All lines of the listing below are to be printed again exactly.

┄┄┄┄┄┄┄┄┄┄┄┄┄┄┄┄┄┄┄┄

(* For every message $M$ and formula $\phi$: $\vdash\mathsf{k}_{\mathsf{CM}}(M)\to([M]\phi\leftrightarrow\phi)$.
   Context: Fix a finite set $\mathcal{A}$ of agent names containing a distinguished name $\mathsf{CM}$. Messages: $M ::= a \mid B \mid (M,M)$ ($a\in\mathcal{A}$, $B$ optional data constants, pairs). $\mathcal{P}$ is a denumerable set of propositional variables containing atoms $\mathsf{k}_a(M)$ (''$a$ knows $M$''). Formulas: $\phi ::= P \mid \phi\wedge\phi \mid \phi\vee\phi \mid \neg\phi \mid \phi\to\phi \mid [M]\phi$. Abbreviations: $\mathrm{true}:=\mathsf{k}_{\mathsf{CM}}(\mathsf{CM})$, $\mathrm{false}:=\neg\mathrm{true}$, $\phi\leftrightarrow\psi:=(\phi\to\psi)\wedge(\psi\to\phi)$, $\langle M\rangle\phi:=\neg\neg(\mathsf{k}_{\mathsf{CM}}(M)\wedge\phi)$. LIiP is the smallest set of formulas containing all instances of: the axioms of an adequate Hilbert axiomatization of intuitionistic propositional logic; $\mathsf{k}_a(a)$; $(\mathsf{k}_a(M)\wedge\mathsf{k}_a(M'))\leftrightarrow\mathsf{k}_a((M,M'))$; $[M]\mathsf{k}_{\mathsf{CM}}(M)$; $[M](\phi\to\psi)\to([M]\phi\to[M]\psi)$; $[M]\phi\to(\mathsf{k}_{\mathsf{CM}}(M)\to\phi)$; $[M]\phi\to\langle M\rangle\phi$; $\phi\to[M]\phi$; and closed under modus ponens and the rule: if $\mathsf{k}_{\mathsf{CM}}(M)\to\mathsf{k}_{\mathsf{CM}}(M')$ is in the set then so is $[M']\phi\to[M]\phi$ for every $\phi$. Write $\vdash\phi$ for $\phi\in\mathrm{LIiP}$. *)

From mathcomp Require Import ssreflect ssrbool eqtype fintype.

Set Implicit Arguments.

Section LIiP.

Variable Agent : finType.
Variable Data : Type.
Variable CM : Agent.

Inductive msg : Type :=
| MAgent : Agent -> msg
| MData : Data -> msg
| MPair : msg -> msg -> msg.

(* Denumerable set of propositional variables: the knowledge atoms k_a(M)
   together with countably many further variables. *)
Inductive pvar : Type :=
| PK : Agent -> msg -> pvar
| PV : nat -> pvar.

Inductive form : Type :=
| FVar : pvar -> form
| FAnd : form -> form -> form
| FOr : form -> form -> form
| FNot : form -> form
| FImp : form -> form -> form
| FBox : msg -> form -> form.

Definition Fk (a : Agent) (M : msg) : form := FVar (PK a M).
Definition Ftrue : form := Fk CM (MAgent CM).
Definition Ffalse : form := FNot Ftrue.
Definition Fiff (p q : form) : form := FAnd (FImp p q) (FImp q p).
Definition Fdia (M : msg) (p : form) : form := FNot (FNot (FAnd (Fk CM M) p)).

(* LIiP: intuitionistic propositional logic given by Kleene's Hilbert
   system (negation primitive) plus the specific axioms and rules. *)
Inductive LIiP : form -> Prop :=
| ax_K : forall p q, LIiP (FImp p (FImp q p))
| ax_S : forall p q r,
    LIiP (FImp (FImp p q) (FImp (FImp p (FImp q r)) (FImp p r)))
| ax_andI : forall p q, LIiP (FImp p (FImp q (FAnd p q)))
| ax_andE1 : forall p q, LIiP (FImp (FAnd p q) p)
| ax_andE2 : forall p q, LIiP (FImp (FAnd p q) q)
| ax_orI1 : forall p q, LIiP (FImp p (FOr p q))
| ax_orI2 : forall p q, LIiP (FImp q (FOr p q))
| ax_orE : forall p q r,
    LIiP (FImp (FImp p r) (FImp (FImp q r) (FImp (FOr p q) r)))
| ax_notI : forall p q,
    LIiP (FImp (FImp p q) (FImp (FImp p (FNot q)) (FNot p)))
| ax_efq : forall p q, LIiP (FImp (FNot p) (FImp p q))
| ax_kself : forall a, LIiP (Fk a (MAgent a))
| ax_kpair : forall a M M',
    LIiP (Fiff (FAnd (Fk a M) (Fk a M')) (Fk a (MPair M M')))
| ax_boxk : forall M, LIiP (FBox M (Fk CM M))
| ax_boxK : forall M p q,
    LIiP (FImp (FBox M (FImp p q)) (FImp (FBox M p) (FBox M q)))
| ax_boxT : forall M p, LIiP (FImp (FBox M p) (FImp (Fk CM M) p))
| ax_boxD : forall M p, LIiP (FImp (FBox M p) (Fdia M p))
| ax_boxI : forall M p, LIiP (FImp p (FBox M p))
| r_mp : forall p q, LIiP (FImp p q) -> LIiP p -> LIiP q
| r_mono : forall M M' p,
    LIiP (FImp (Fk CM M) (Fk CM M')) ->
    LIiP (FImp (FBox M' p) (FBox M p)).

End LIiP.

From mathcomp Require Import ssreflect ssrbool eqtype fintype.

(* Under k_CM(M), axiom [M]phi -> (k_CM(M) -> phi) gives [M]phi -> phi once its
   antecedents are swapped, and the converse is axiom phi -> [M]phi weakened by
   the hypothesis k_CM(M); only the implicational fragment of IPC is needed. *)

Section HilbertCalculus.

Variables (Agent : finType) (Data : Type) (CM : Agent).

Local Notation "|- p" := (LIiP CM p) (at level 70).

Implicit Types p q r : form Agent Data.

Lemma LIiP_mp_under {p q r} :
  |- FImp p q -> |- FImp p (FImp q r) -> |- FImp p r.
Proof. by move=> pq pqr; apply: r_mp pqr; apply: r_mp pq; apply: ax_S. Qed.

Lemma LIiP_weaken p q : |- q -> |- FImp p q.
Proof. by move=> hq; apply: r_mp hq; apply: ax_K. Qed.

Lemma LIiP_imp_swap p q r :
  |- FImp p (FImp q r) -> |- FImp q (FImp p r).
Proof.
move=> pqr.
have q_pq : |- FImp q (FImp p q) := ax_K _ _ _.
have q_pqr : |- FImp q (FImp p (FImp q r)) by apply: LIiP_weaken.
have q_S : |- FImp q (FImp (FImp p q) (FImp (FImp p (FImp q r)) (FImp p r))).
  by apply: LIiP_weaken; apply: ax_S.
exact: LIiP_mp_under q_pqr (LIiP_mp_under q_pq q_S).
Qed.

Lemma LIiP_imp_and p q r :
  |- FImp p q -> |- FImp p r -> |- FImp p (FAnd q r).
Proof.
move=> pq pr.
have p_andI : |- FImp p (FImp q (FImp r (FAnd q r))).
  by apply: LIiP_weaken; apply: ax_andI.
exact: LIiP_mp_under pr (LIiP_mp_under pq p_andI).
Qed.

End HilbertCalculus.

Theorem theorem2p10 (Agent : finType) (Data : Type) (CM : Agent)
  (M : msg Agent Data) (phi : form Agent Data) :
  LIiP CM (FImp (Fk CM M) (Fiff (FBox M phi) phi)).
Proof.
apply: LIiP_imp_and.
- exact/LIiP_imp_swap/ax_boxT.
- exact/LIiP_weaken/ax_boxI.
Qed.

┄┄┄┄┄┄┄┄┄┄┄┄┄┄┄┄┄┄┄┄

## Reply to the exercise
(* For every message $M$ and formula $\phi$: $\vdash\mathsf{k}_{\mathsf{CM}}(M)\to([M]\phi\leftrightarrow\phi)$.
   Context: Fix a finite set $\mathcal{A}$ of agent names containing a distinguished name $\mathsf{CM}$. Messages: $M ::= a \mid B \mid (M,M)$ ($a\in\mathcal{A}$, $B$ optional data constants, pairs). $\mathcal{P}$ is a denumerable set of propositional variables containing atoms $\mathsf{k}_a(M)$ (''$a$ knows $M$''). Formulas: $\phi ::= P \mid \phi\wedge\phi \mid \phi\vee\phi \mid \neg\phi \mid \phi\to\phi \mid [M]\phi$. Abbreviations: $\mathrm{true}:=\mathsf{k}_{\mathsf{CM}}(\mathsf{CM})$, $\mathrm{false}:=\neg\mathrm{true}$, $\phi\leftrightarrow\psi:=(\phi\to\psi)\wedge(\psi\to\phi)$, $\langle M\rangle\phi:=\neg\neg(\mathsf{k}_{\mathsf{CM}}(M)\wedge\phi)$. LIiP is the smallest set of formulas containing all instances of: the axioms of an adequate Hilbert axiomatization of intuitionistic propositional logic; $\mathsf{k}_a(a)$; $(\mathsf{k}_a(M)\wedge\mathsf{k}_a(M'))\leftrightarrow\mathsf{k}_a((M,M'))$; $[M]\mathsf{k}_{\mathsf{CM}}(M)$; $[M](\phi\to\psi)\to([M]\phi\to[M]\psi)$; $[M]\phi\to(\mathsf{k}_{\mathsf{CM}}(M)\to\phi)$; $[M]\phi\to\langle M\rangle\phi$; $\phi\to[M]\phi$; and closed under modus ponens and the rule: if $\mathsf{k}_{\mathsf{CM}}(M)\to\mathsf{k}_{\mathsf{CM}}(M')$ is in the set then so is $[M']\phi\to[M]\phi$ for every $\phi$. Write $\vdash\phi$ for $\phi\in\mathrm{LIiP}$. *)

From mathcomp Require Import ssreflect ssrbool eqtype fintype.

Set Implicit Arguments.

Section LIiP.

Variable Agent : finType.
Variable Data : Type.
Variable CM : Agent.

Inductive msg : Type :=
| MAgent : Agent -> msg
| MData : Data -> msg
| MPair : msg -> msg -> msg.

(* Denumerable set of propositional variables: the knowledge atoms k_a(M)
   together with countably many further variables. *)
Inductive pvar : Type :=
| PK : Agent -> msg -> pvar
| PV : nat -> pvar.

Inductive form : Type :=
| FVar : pvar -> form
| FAnd : form -> form -> form
| FOr : form -> form -> form
| FNot : form -> form
| FImp : form -> form -> form
| FBox : msg -> form -> form.

Definition Fk (a : Agent) (M : msg) : form := FVar (PK a M).
Definition Ftrue : form := Fk CM (MAgent CM).
Definition Ffalse : form := FNot Ftrue.
Definition Fiff (p q : form) : form := FAnd (FImp p q) (FImp q p).
Definition Fdia (M : msg) (p : form) : form := FNot (FNot (FAnd (Fk CM M) p)).

(* LIiP: intuitionistic propositional logic given by Kleene's Hilbert
   system (negation primitive) plus the specific axioms and rules. *)
Inductive LIiP : form -> Prop :=
| ax_K : forall p q, LIiP (FImp p (FImp q p))
| ax_S : forall p q r,
    LIiP (FImp (FImp p q) (FImp (FImp p (FImp q r)) (FImp p r)))
| ax_andI : forall p q, LIiP (FImp p (FImp q (FAnd p q)))
| ax_andE1 : forall p q, LIiP (FImp (FAnd p q) p)
| ax_andE2 : forall p q, LIiP (FImp (FAnd p q) q)
| ax_orI1 : forall p q, LIiP (FImp p (FOr p q))
| ax_orI2 : forall p q, LIiP (FImp q (FOr p q))
| ax_orE : forall p q r,
    LIiP (FImp (FImp p r) (FImp (FImp q r) (FImp (FOr p q) r)))
| ax_notI : forall p q,
    LIiP (FImp (FImp p q) (FImp (FImp p (FNot q)) (FNot p)))
| ax_efq : forall p q, LIiP (FImp (FNot p) (FImp p q))
| ax_kself : forall a, LIiP (Fk a (MAgent a))
| ax_kpair : forall a M M',
    LIiP (Fiff (FAnd (Fk a M) (Fk a M')) (Fk a (MPair M M')))
| ax_boxk : forall M, LIiP (FBox M (Fk CM M))
| ax_boxK : forall M p q,
    LIiP (FImp (FBox M (FImp p q)) (FImp (FBox M p) (FBox M q)))
| ax_boxT : forall M p, LIiP (FImp (FBox M p) (FImp (Fk CM M) p))
| ax_boxD : forall M p, LIiP (FImp (FBox M p) (Fdia M p))
| ax_boxI : forall M p, LIiP (FImp p (FBox M p))
| r_mp : forall p q, LIiP (FImp p q) -> LIiP p -> LIiP q
| r_mono : forall M M' p,
    LIiP (FImp (Fk CM M) (Fk CM M')) ->
    LIiP (FImp (FBox M' p) (FBox M p)).

End LIiP.

From mathcomp Require Import ssreflect ssrbool eqtype fintype.

(* Under k_CM(M), axiom [M]phi -> (k_CM(M) -> phi) gives [M]phi -> phi once its
   antecedents are swapped, and the converse is axiom phi -> [M]phi weakened by
   the hypothesis k_CM(M); only the implicational fragment of IPC is needed. *)

Section HilbertCalculus.

Variables (Agent : finType) (Data : Type) (CM : Agent).

Local Notation "|- p" := (LIiP CM p) (at level 70).

Implicit Types p q r : form Agent Data.

Lemma LIiP_mp_under {p q r} :
  |- FImp p q -> |- FImp p (FImp q r) -> |- FImp p r.
Proof. by move=> pq pqr; apply: r_mp pqr; apply: r_mp pq; apply: ax_S. Qed.

Lemma LIiP_weaken p q : |- q -> |- FImp p q.
Proof. by move=> hq; apply: r_mp hq; apply: ax_K. Qed.

Lemma LIiP_imp_swap p q r :
  |- FImp p (FImp q r) -> |- FImp q (FImp p r).
Proof.
move=> pqr.
have q_pq : |- FImp q (FImp p q) := ax_K _ _ _.
have q_pqr : |- FImp q (FImp p (FImp q r)) by apply: LIiP_weaken.
have q_S : |- FImp q (FImp (FImp p q) (FImp (FImp p (FImp q r)) (FImp p r))).
  by apply: LIiP_weaken; apply: ax_S.
exact: LIiP_mp_under q_pqr (LIiP_mp_under q_pq q_S).
Qed.

Lemma LIiP_imp_and p q r :
  |- FImp p q -> |- FImp p r -> |- FImp p (FAnd q r).
Proof.
move=> pq pr.
have p_andI : |- FImp p (FImp q (FImp r (FAnd q r))).
  by apply: LIiP_weaken; apply: ax_andI.
exact: LIiP_mp_under pr (LIiP_mp_under pq p_andI).
Qed.

End HilbertCalculus.

Theorem theorem2p10 (Agent : finType) (Data : Type) (CM : Agent)
  (M : msg Agent Data) (phi : form Agent Data) :
  LIiP CM (FImp (Fk CM M) (Fiff (FBox M phi) phi)).
Proof.
apply: LIiP_imp_and.
- exact/LIiP_imp_swap/ax_boxT.
- exact/LIiP_weaken/ax_boxI.
Qed.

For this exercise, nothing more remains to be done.